Legal battles of 17th Century foster mums revealed
- Published
A rare collection of 300-year-old petitions has revealed the legal battles of foster mothers to get financial help for taking in parentless children, according to a researcher.
Cambridge University PhD student Emily Rhodes delved into petitions submitted by women to the Lancashire quarter sessions courts between 1660 and 1720.
In one case, Alice Brewer of Lea struggled for years as the parish cut and withheld payments for "a poor distressed child", in another, Elizabeth Drinkwater was "impoverished" after the Great Bolton overseers failed to pay up for nine months.
Ms Rhodes said the cases showed 17th Century foster mothers had greater powers to challenge authorities than biological mothers.
"These women provided such a vital role that when they weren’t paid enough or at all, they had enough authority to approach their county justices, powerful men, and successfully argue their case," she said.
In a study published in The History of Family journal, external, Ms Rhodes looked at the experiences of 38 women caring for non-kin children in their parish and who took their cases to courts sitting in Lancaster, Preston, Manchester, Wigan and Ormskirk.

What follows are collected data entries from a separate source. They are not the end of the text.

(* Let $F$, $H$, $X$, $\Omega$, $Q$ and the sequences generated by the IneIREG method be as described in the context. Suppose $\eta_k\equiv\eta>0$ for all $k\ge0$; $\alpha_0\in[0,1]$ and $(\alpha_k)_{k\ge0}$ is nonincreasing; $\lambda_k\in[\underline\lambda,\overline\lambda]$ for all $k\ge0$ with $0<\underline\lambda\le\overline\lambda\le1/(L_F+\eta L_H)$; and $\hat s:=\sum_{k=0}^\infty\delta_k<+\infty$. For $k\ge1$ let $\Lambda_k=\sum_{j=0}^{k-1}\lambda_j$ and $\overline y_k=\Lambda_k^{-1}\sum_{j=0}^{k-1}\lambda_jy_j$. Then: (a) for all $k\ge1$, $-B_H\,\mathrm{dist}(\overline y_k,Q)\le\mathrm{Gap}(\overline y_k,H,Q)\le \frac1k\Big(\frac{D_X^2+\hat s}{2\underline\lambda\eta}\Big)$; (b) for all $k\ge1$, $0\le\mathrm{Gap}(\overline y_k,F,X)\le\frac1k\Big(\frac{D_X^2+\hat s}{2\underline\lambda}\Big)+\eta\Big(\frac{\overline\lambda C_HD_X}{\underline\lambda}\Big)$; (c) if $Q$ is $\sigma$-weakly sharp of order $\mathcal M\ge1$, then for all $k\ge1$, $\mathrm{Gap}(\overline y_k,H,Q)\ge-\frac{B_H}{\sigma^{1/\mathcal M}}\Big(\frac1k\Big(\frac{D_X^2+\hat s}{2\underline\lambda}\Big)+\eta\Big(\frac{\overline\lambda C_HD_X}{\underline\lambda}\Big)\Big)^{1/\mathcal M}$.
   Context: Work in $\mathbb{R}^n$ with Euclidean inner product $\langle\cdot,\cdot\rangle$ and norm $\|\cdot\|$. The maps $F\colon \mathrm{Dom}\,F\to\mathbb{R}^n$ and $H\colon\mathrm{Dom}\,H\to\mathbb{R}^n$ are monotone and Lipschitz continuous with constants $L_F>0$ and $L_H>0$. $X$ is a nonempty compact convex set and $\Omega$ a nonempty closed convex set with $X\subset\Omega\subset\mathrm{Dom}\,F\cap\mathrm{Dom}\,H$; $P_X,P_\Omega$ denote orthogonal projections. $Q:=\{x\in X:\langle F(x),y-x\rangle\ge0\ \forall y\in X\}$ is assumed nonempty. $D_X:=\sup_{x,y\in X}\|x-y\|$, $C_H:=\sup_{x\in X}\|H(x)\|$, $B_H:=\sup_{x\in Q}\|H(x)\|$, $\mathrm{dist}(y,Q)$ is the Euclidean distance to $Q$. $\mathrm{Gap}(z,H,Q):=\sup_{x\in Q}\langle H(x),z-x\rangle$, $\mathrm{Gap}(z,F,X):=\sup_{x\in X}\langle F(x),z-x\rangle$. $Q$ is $\sigma$-weakly sharp of order $\mathcal M\ge1$ ($\sigma>0$) if $\langle F(x),y-x\rangle\ge\sigma\,\mathrm{dist}(y,Q)^{\mathcal M}$ for all $x\in Q$, $y\in X$. IneIREG method: start with $x_0=x_{-1}\in X$; for $k=0,1,\dots$, with parameters $\alpha_k\ge0$, $\lambda_k>0$, $\eta_k>0$, set $w_k=x_k+\alpha_k(x_k-x_{k-1})$, $w'_k=P_\Omega(w_k)$, $y_k=P_X\big(w_k-\lambda_k(F(w'_k)+\eta_kH(w'_k))\big)$, $x_{k+1}=P_X\big(w_k-\lambda_k(F(y_k)+\eta_kH(y_k))\big)$. Also $\delta_k:=\alpha_k(1+\alpha_k)\|x_k-x_{k-1}\|^2$ for $k\ge0$. *)

From HB Require Import structures.
From mathcomp Require Import all_boot all_order all_algebra.
From mathcomp Require Import all_classical all_reals all_analysis.
Set Implicit Arguments. Unset Strict Implicit. Unset Printing Implicit Defensive.
Import Order.TTheory GRing.Theory Num.Theory.
Import numFieldNormedType.Exports.
Local Open Scope classical_set_scope.
Local Open Scope ring_scope.
Let solution_along_e2 a n : dot n (invmx U *m a) = 0 -> n = dot e2 n *: e2 ->
  dot e2 n * dot e1 (U *m a) = - 2 * q -> dot v (U *m a) = 0 -> dyad a n = D2.
Proof.
set g := invmx U *m a => hg hn hb1 hb3.
have n2 : dot e2 n != 0 by apply: contraNneq q2_neq0 => h; rewrite -hb1 h mul0r.
have g2 : dot e2 g = 0.
  by apply/eqP; move: hg; rewrite hn dotZl => /eqP; rewrite mulf_eq0 (negbTE n2).
have g3 : dot v g = 0.
  apply/eqP; move: hb3; rewrite {1}(invmx_U a) dot_U2 U2_v dotZl => /eqP.
  by rewrite mulf_eq0 expf_eq0 (negbTE lam_neq0) andbF.
rewrite {1}(invmx_U a) dot_U2 U2_e1 !dot_lin -/g g2 mulr0 addr0 in hb1.
rewrite /D2 hn (invmx_U a) -/g (frame_decomp g) g2 g3 !scale0r addr0 addr0.
rewrite -scalemxAr dyadZl dyadZr scalerA dyadZl -hb1.
by congr (_ *: _); field; rewrite gt_eqF.
Qed.

Lemma twin_solutionE D : twin_solution U Uh D <-> D = D1 \/ D = D2.
Proof.
split; last by case=> ->; [exact: twin_solution_D1 | exact: twin_solution_D2].
move/(twin_solutionP _ hU hpd he1) => [a [n [-> /twin_gram_iff hX hdt]]].
have coord x y : dot x n * dot (U *m a) y + dot x (U *m a) * dot n y
    + dot a a * (dot x n * dot n y)
    = - 2 * q * (dot x e1 * dot e2 y + dot x e2 * dot e1 y).
  have := congr1 (fun M => dot x (M *m y)) hX.
  rewrite /= !mulmxDl -!scalemxAl mulmxDl !mul_dyad !dot_lin; lra.
have e11 := coord e1 e1; have e22 := coord e2 e2; have e12 := coord e1 e2.
have e1v := coord e1 v; have e2v := coord e2 v.
rewrite !frame_dot !(dotC n) !(dotC (U *m a)) in e11 e22 e12 e1v e2v.
have [[n2 [n3 [k2 k3]]] | [n1 [n3 [k1 k3]]]] :=
  rank_one_sym_cases (dot e1 n) (dot e2 n) (dot v n) (dot e1 (U *m a))
    (dot e2 (U *m a)) (dot v (U *m a)) (dot a a) q q_neq0
    ltac:(lra) ltac:(lra) ltac:(lra) ltac:(lra) ltac:(lra).
- left; apply: solution_along_e1 => //.
  by rewrite {1}(frame_decomp n) n2 n3 !scale0r !addr0.
- right; apply: solution_along_e2 => //.
  by rewrite {1}(frame_decomp n) n1 n3 !scale0r add0r addr0.
Qed.

End Frame.

Theorem proposition1 (R : realType) (U : 'M[R]_3) (e1 : 'cV[R]_3) :
  sym_mx U -> posdef U -> unit_vec e1 -> twinU e1 U <> U ->
  [/\ (exists e2 : 'cV[R]_3,
         [/\ unit_vec e2, ~ parallel e2 e1 & twinU e2 U = twinU e1 U])
      <-> (exists v : 'cV[R]_3, eigenvector U v /\ dot e1 v = 0),
      (forall v : 'cV[R]_3, eigenvector U v -> dot e1 v = 0 ->
         forall e2 : 'cV[R]_3,
           unit_vec e2 -> ~ parallel e2 e1 -> twinU e2 U = twinU e1 U ->
           [/\ dot e2 e1 = 0, dot e2 v = 0 &
               forall e2' : 'cV[R]_3,
                 unit_vec e2' -> ~ parallel e2' e1 -> twinU e2' U = twinU e1 U ->
                 e2' = e2 \/ e2' = - e2])
    & (forall v : 'cV[R]_3, eigenvector U v -> unit_vec v -> dot e1 v = 0 ->
         let e2 := cross v e1 in
         let xi := 2 * (dot e2 (invmx (U *m U) *m e1)
                        / dot e1 (invmx (U *m U) *m e1)) in
         let eta := - 2 * (dot e2 ((U *m U) *m e1) / dot e1 ((U *m U) *m e1)) in
         let D1 := dyad (xi *: (U *m e2)) e1 in
         let D2 := dyad (eta *: (U *m e1)) e2 in
         D1 <> D2 /\
         forall D : 'M[R]_3,
           twin_solution U (twinU e1 U) D <-> (D = D1 \/ D = D2))].
Proof.
move=> hU hpd he1 hUh; split.
- split=> [[e2 [he2 hnp ht]] | [v [hv h1v]]].
    exact (twin_eigenvector hU he1 hUh he2 hnp ht).
  exact (eigenvector_twin hU he1 hv h1v).
- move=> v hv h1v e2 he2 hnp ht.
  have [h21 h2v] := twin_perp hU he1 hUh hv h1v he2 hnp ht.
  split=> // e2' he2' hnp' ht'.
  exact (twin_unique hU he1 hUh hv h1v he2 hnp ht he2' hnp' ht').
- move=> v [_ [lam hUv]] hv h1v /=.
  rewrite (xi_val hU hpd he1 hv hUv h1v) (eta_val hU hpd he1 hv hUv h1v).
  split; first exact (twin_dyads_neq hU hpd he1 hv hUv h1v hUh).
  exact (twin_solutionE hU hpd he1 hv hUv h1v hUh).
Qed.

Traditionally, this work was called "boarding" or "tabling", but it had many similarities with modern fostering, with the parish authorities judging if the family situation was suitable for the children.
Ms Rhodes said: "When they decided it wasn’t, they sought to place them in a new home, ideally with somebody from their local community, and they compensated this person to look after the child."
The women were often widows, sometimes unmarried, and occasionally a husband took the decision on behalf of the family.
"In their petitions they refer to 'the child was put on me' or 'the husband decided this' and the woman has had to continue the arrangement itself; it is not consensual," said Ms Rhodes.
Most of the women were entitled to poor relief in their own right under the Poor Laws, a system which saw parishioners contributing to a local pot of money.
The funds were allocated by churchwardens and overseers of the poor to the parish needy.
It could provide poor women and families with vital income. The standard payment for one child was 40 shillings a year, although they ranged from 12 to 78 shillings - this far exceeded average poor relief payments of the time.
Forty shillings was the equivalent of about £227 in today's money, external - or 28 days of a skilled tradesman's wages.
Records show Anne Beesley took in three destitute children in Barton in 1671, fearing "they would starve to death" - but was only reimbursed after she petitioned the courts.
She still had significant advantages over biological mothers, said Ms Rhodes, who had to "prove, in a grovelling and pitiful tone, that they were among the deserving poor".
For foster mothers it was enough to say "you’re not fulfilling your part of the deal".
Ms Rhodes also sees parallels with the present.
"You will see stories of foster carers not receiving enough support and leaving the system," she said.
"We still face issues with bureaucracy and people in authority not doing their jobs properly."